The only way to acquire such insight in a totally "from scratch" game context is to gain experience of having "died" after choosing X (probably several times), or else by having substantially richer environment cues than is normal for systems like this, where concepts like "reversibility" and "predictors of payoff size" could be worked out in trivial contexts and then correctly applied to more significant contexts later on, based on environmental cues that allow the model-based inference of both potential irreversibility and great importance in moderately novel situations.
"Measuring universal intelligence: Towards an anytime intelligence test"; abstract:
http://www.csse.monash.edu.au/~dld/Publications/HernandezOrallo+DoweArtificialIntelligenceJArticle.pdf
Example popular media coverage: http://www.sciencedaily.com/releases/2011/01/110127131122.htm
The group's homepage: http://users.dsic.upv.es/proy/anynt/
(There's an applet but it seems to be about constructing a simple agent and stepping through various environments, and no working IQ test.)

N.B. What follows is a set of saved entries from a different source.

(* If $f\colon X\to Y$ is an asymptotically Lipschitz function of metric spaces, then $\operatorname{asdim}_{AN}(X)\le \operatorname{asdim}_{AN}(f)+\operatorname{asdim}_{AN}(Y)$.
   Context: $f$ is asymptotically Lipschitz if there are constants $a,b\ge0$ with $d_Y(f(x),f(y))\le a\,d_X(x,y)+b$ for all $x,y$. For a metric space $X$, an $n$-dimensional control function is $D_X\colon\mathbb R_+\to\mathbb R_+$ such that for each $r>0$ there are families $\mathcal U_1,\dots,\mathcal U_{n+1}$ of subsets of $X$, each $r$-disjoint (points in different members at distance $\ge r$), with members of diameter $\le D_X(r)$, whose union covers $X$. $\operatorname{asdim}_{AN}(X)\le n$ iff $X$ has an $n$-dimensional control function of the form $D_X(r)=cr+b$ with $b,c\ge0$. For $r>0$, the $r$-components of $A\subset X$ are the classes of points of $A$ joined by finite sequences in $A$ with consecutive distances $\le r$. An $m$-dimensional control function of $f$ is $D_f\colon\mathbb R_+\times\mathbb R_+\to\mathbb R_+$ such that for all $r_X,R_Y>0$ every $A\subset X$ with $\operatorname{diam} f(A)\le R_Y$ is a union of $m+1$ sets whose $r_X$-components have diameter $\le D_f(r_X,R_Y)$. $\operatorname{asdim}_{AN}(f)$ is the minimal $m$ for which $f$ has an $m$-dimensional control function of the form $D_f(r_X,R_Y)=a r_X+bR_Y+c$ (constants $a,b,c$). *)

From Stdlib Require Import Reals Relations.
Open Scope R_scope.

Record MetricSpace := {
  carrier :> Type;
  dist : carrier -> carrier -> R;
  dist_nonneg : forall x y, 0 <= dist x y;
  dist_eq0 : forall x y, dist x y = 0 <-> x = y;
  dist_sym : forall x y, dist x y = dist y x;
  dist_tri : forall x y z, dist x z <= dist x y + dist y z
}.

Arguments dist {m} _ _.

Definition asymp_lipschitz {X Y : MetricSpace} (f : X -> Y) : Prop :=
  exists a b, 0 <= a /\ 0 <= b /\
    forall x y, dist (f x) (f y) <= a * dist x y + b.

Definition diam_le {X : MetricSpace} (A : X -> Prop) (D : R) : Prop :=
  forall x y, A x -> A y -> dist x y <= D.

Definition r_disjoint {X : MetricSpace} (r : R) (U : (X -> Prop) -> Prop) : Prop :=
  forall A B, U A -> U B -> A <> B ->
    forall x y, A x -> B y -> r <= dist x y.

Definition control_fun {X : MetricSpace} (n : nat) (D : R -> R) : Prop :=
  (forall r, 0 <= r -> 0 <= D r) /\
  forall r, 0 < r ->
    exists U : nat -> ((X -> Prop) -> Prop),
      (forall i, (i <= n)%nat -> r_disjoint r (U i)) /\
      (forall i A, (i <= n)%nat -> U i A -> diam_le A (D r)) /\
      (forall x : X, exists i A, (i <= n)%nat /\ U i A /\ A x).

Definition asdimAN_le (X : MetricSpace) (n : nat) : Prop :=
  exists c b, 0 <= c /\ 0 <= b /\ @control_fun X n (fun r => c * r + b).

Definition r_step {X : MetricSpace} (A : X -> Prop) (r : R) : relation X :=
  fun x y => A x /\ A y /\ dist x y <= r.

Definition same_r_component {X : MetricSpace} (A : X -> Prop) (r : R) (x y : X) : Prop :=
  A x /\ A y /\ clos_refl_trans X (r_step A r) x y.

Definition r_components_diam_le {X : MetricSpace} (A : X -> Prop) (r D : R) : Prop :=
  forall x y, same_r_component A r x y -> dist x y <= D.

Definition map_control_fun {X Y : MetricSpace} (f : X -> Y) (m : nat)
    (Df : R -> R -> R) : Prop :=
  (forall rX RY, 0 <= rX -> 0 <= RY -> 0 <= Df rX RY) /\
  forall rX RY, 0 < rX -> 0 < RY ->
    forall A : X -> Prop,
      diam_le (fun y => exists x, A x /\ f x = y) RY ->
      exists B : nat -> (X -> Prop),
        (forall x, A x <-> exists i, (i <= m)%nat /\ B i x) /\
        (forall i, (i <= m)%nat -> r_components_diam_le (B i) rX (Df rX RY)).

Definition asdimAN_map_le {X Y : MetricSpace} (f : X -> Y) (m : nat) : Prop :=
  exists a b c, 0 <= a /\ 0 <= b /\ 0 <= c /\
    map_control_fun f m (fun rX RY => a * rX + b * RY + c).

(* The argument works with covers of X by colours Q 0, ..., Q q in which
   every point misses at most d colours.  Pulling back an n-dimensional cover of
   Y gives n + 1 colours whose r-chains have linearly bounded image; pulling back,
   member by member, the m-dimensional decompositions of f over such a cover
   gives m + 1 colours whose r-chains have linearly bounded diameter over every
   bounded subset of Y.  An Ostrand-type step (thicken every colour by r and add
   the points that are r-close only to colours they already have) adds a colour
   without raising the number of missed ones, at a linear cost in the scale.
   With m + n + 1 colours, a point misses at most n colours of the first cover
   and at most m of the second, so it lies in a colour common to both, whose
   r-components have linearly bounded diameter. *)

From Pilot Require Import Defs.
From Stdlib Require Import Reals Lra Lia Psatz Relations Classical ClassicalEpsilon
  FunctionalExtensionality PropExtensionality.
(* [Reals] also exports a [dist]. *)
Import Defs.

Section Counting.

Open Scope nat_scope.

Implicit Types (P Q : nat -> Prop) (q : nat).

Definition fails (A : Prop) : nat := if excluded_middle_informative A then 0 else 1.

Fixpoint misses P q : nat :=
  match q with
  | O => fails (P O)
  | S q' => misses P q' + fails (P (S q'))
  end.

Ltac decide_fails := unfold fails; repeat destruct excluded_middle_informative.

Lemma misses_all_fail P q : (forall l, l <= q -> ~ P l) -> misses P q = S q.
Proof.
  induction q as [|q IH]; intros H; simpl; [|rewrite IH by (intros l Hl; apply H; lia)];
    decide_fails; solve [lia | exfalso; eapply H; eauto].
Qed.

Lemma misses_anti P (P' : nat -> Prop) q : (forall l, l <= q -> P l -> P' l) ->
  misses P' q <= misses P q.
Proof.
  induction q as [|q IH]; intros H; simpl; [|specialize (IH (fun l Hl => H l ltac:(lia)))];
    decide_fails; solve [lia | exfalso; eauto].
Qed.

Lemma misses_lt P (P' : nat -> Prop) q j : (forall l, l <= q -> P l -> P' l) ->
  j <= q -> P' j -> ~ P j -> misses P' q < misses P q.
Proof.
  induction q as [|q IH]; intros H Hj P'j Pj; simpl.
  - replace j with 0 in * by lia; decide_fails; solve [lia | tauto].
  - pose proof (misses_anti P P' q (fun l Hl => H l ltac:(lia))).
    destruct (Nat.eq_dec j (S q)) as [->|Hne].
    + decide_fails; solve [lia | tauto].
    + specialize (IH (fun l Hl => H l ltac:(lia)) ltac:(lia) P'j Pj).
      decide_fails; solve [lia | exfalso; eauto].
Qed.

Lemma misses_le_of_ex P q : (exists l, l <= q /\ P l) -> misses P q <= q.
Proof.
  intros [l [Hl Pl]].
  pose proof (misses_lt (fun _ => False) P q l (fun _ _ F => False_ind _ F) Hl Pl (fun F => F))
    as Hlt.
  rewrite (misses_all_fail (fun _ => False)) in Hlt; auto; lia.
Qed.

Lemma ex_of_misses_le P q : misses P q <= q -> exists l, l <= q /\ P l.
Proof.
  intros H; apply NNPP; intros Hn.
  rewrite misses_all_fail in H; [lia|]; intros l Hl Pl; eauto.
Qed.

Lemma misses_disjoint P Q q : (forall l, l <= q -> ~ (P l /\ Q l)) ->
  S q <= misses P q + misses Q q.
Proof.
  induction q as [|q IH]; intros H; simpl; [|specialize (IH (fun l Hl => H l ltac:(lia)))];
    decide_fails; solve [lia | exfalso; eapply H; eauto].
Qed.

Lemma ex_common_of_misses_le P Q q d e :
  misses P q <= d -> misses Q q <= e -> d + e <= q -> exists l, l <= q /\ P l /\ Q l.
Proof.
  intros HP HQ Hq; apply NNPP; intros Hn.
  assert (H := misses_disjoint P Q q (fun l Hl HPQ => Hn (ex_intro _ l (conj Hl HPQ)))); lia.
Qed.

End Counting.

Notation chain A s := (clos_refl_trans _ (r_step A s)).

Section Chains.

Variable X : MetricSpace.
Implicit Types (A B S T F : X -> Prop) (x y z u : X).

Lemma dist_xx x : dist x x = 0.
Proof. now apply dist_eq0. Qed.

Lemma chain_cases A s x y : chain A s x y -> x = y \/ (A x /\ A y).
Proof.
  induction 1 as [x y [Ax [Ay _]]|x|x y z _ IHxy _ IHyz]; [tauto|tauto|].
  destruct IHxy as [<-|[Ax Ay]], IHyz as [<-|[Ay' Az]]; tauto.
Qed.

Lemma chain_mono A B s s' x y : (forall u, A u -> B u) -> s <= s' ->
  chain A s x y -> chain B s' x y.
Proof.
  intros HAB Hs; induction 1 as [x y [Ax [Ay dxy]]| |]; [|apply rt_refl|eapply rt_trans; eauto].
  apply rt_step; repeat split; auto; lra.
Qed.

Lemma chain_inter_l A F s s' x y : s <= s' ->
  chain (fun u => A u /\ F u) s x y -> chain A s' x y.
Proof. intros Hs; apply chain_mono; [now intros u [Au _]|auto]. Qed.

Lemma chain_sym A s x y : chain A s x y -> chain A s y x.
Proof.
  induction 1 as [x y [Ax [Ay dxy]]| |]; [|apply rt_refl|eapply rt_trans; eauto].
  apply rt_step; repeat split; auto; now rewrite dist_sym.
Qed.

Lemma chain_restrict A B s x y : chain A s x y ->
  (forall u, chain A s x u -> A u -> B u) -> chain B s x y.
Proof.
  intros H; apply clos_rt_rtn1_iff in H.
  induction H as [|y z [Ay [Az dyz]] Hxy IH]; intros HB; [apply rt_refl|].
  apply clos_rt_rtn1_iff in Hxy.
  apply rt_trans with y; [now apply IH|].
  apply rt_step; repeat split; auto.
  apply HB; auto; apply rt_trans with y; [|apply rt_step]; repeat split; auto.
Qed.

Lemma chain_invariant A B s x y : (forall u v, B u -> A v -> dist u v <= s -> B v) ->
  chain A s x y -> B x -> B y.
Proof. intros HB; induction 1 as [x y [_ [Ay dxy]]| |]; eauto. Qed.

Definition chain_diam_le A s D := forall x y, chain A s x y -> dist x y <= D.

Lemma chain_diam_le_weaken A s D D' : D <= D' -> chain_diam_le A s D -> chain_diam_le A s D'.
Proof. intros HD HA x y H; specialize (HA x y H); lra. Qed.

Lemma chain_diam_le_of_components A s D : 0 <= D ->
  r_components_diam_le A s D -> chain_diam_le A s D.
Proof.
  intros HD HA x y Hc; destruct (chain_cases _ _ _ _ Hc) as [<-|[Ax Ay]].
  - rewrite dist_xx; lra.
  - apply HA; repeat split; auto.
Qed.

Lemma chain_end A s x y : chain A s x y -> A x -> A y.
Proof. now intros H Ax; destruct (chain_cases _ _ _ _ H) as [<-|[_ Ay]]. Qed.

(* The stretches of a chain spent in [T] are short, so consecutive visits of
   [S] are [sig]-close and form a chain in [S]. *)
Lemma chain_diam_le_union S T sig tau ES ET :
  0 <= tau -> 0 <= ES -> 0 <= ET -> ET + 2 * tau <= sig ->
  chain_diam_le S sig ES -> chain_diam_le T tau ET ->
  chain_diam_le (fun u => S u \/ T u) tau (ES + 2 * ET + 2 * tau).
Proof.
  intros Htau HES HET Hsig HS HT.
  set (near := fun u s => u = s \/ exists t, T t /\ dist s t <= tau /\ chain T tau t u).
  assert (Hnear : forall u s, near u s -> dist u s <= ET + tau).
  { intros u s [<-|[t [_ [dst Ht]]]]; [rewrite dist_xx; lra|].
    pose proof (HT _ _ Ht); pose proof (dist_tri X u t s).
    rewrite (dist_sym X t u), (dist_sym X t s) in *; lra. }
  assert (Inv : forall x y, chain (fun u => S u \/ T u) tau x y -> (S x \/ T x) ->
    (T x /\ chain T tau x y) \/
    exists s1 s2, S s1 /\ S s2 /\ chain S sig s1 s2 /\ near x s1 /\ near y s2).
  { intros x y H Ux; apply clos_rt_rtn1_iff in H.
    induction H as [|y z [_ [[Sz|Tz] dyz]] _ IH].
    - destruct Ux as [Sx|Tx]; [right; exists x, x|left]; repeat split; auto;
        [apply rt_refl|now left|now left|apply rt_refl].
    - right; destruct IH as [[Tx Hxy]|[s1 [s2 [S1 [S2 [H12 [N1 [<-|[t [Tt [dst Hty]]]]]]]]]]].
      + exists z, z; repeat split; [auto|auto|apply rt_refl| |left; auto].
        right; exists y; repeat split; [eapply chain_end; eauto|now rewrite dist_sym|].
        now apply chain_sym.
      + exists s1, z; repeat split; auto; [|left; auto].
        apply rt_trans with y; [auto|apply rt_step; repeat split; auto; lra].
      + exists s1, z; repeat split; auto; [|left; auto].
        apply rt_trans with s2; [auto|apply rt_step; repeat split; auto].
        pose proof (HT _ _ Hty); pose proof (dist_tri X s2 t y).
        pose proof (dist_tri X s2 y z); lra.
    - destruct IH as [[Tx Hxy]|[s1 [s2 [S1 [S2 [H12 [N1 N2]]]]]]].
      + left; split; [auto|apply rt_trans with y; [auto|apply rt_step]].
        repeat split; [eapply chain_end; eauto|auto|auto].
      + right; exists s1, s2; repeat split; auto; right.
        destruct N2 as [<-|[t [Tt [dst Hty]]]]; [exists z; repeat split; auto; apply rt_refl|].
        exists t; repeat split; auto; apply rt_trans with y; [auto|apply rt_step].
        repeat split; [eapply chain_end; eauto|auto|auto]. }
  intros x y H; destruct (chain_cases _ _ _ _ H) as [<-|[Ux _]]; [rewrite dist_xx; lra|].
  destruct (Inv x y H Ux) as [[_ Hxy]|[s1 [s2 [_ [_ [H12 [N1 N2]]]]]]].
  - pose proof (HT _ _ Hxy); lra.
  - pose proof (HS _ _ H12); pose proof (Hnear _ _ N1); pose proof (Hnear _ _ N2).
    pose proof (dist_tri X x s1 y); pose proof (dist_tri X s1 s2 y).
    rewrite (dist_sym X s2 y) in *; lra.
Qed.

The basic idea, if you already know your AIXI*, is to start with simple programs** and then test the subject on increasingly harder ones. To save time, boring games such as random environments or one where the agent can 'die'*** are excluded and a few rules added to prevent gaming the test (by, say, deliberately failing on harder tests so as to be given only easy tests which one scores perfectly on) or take into account how slow or fast the subject makes predictions.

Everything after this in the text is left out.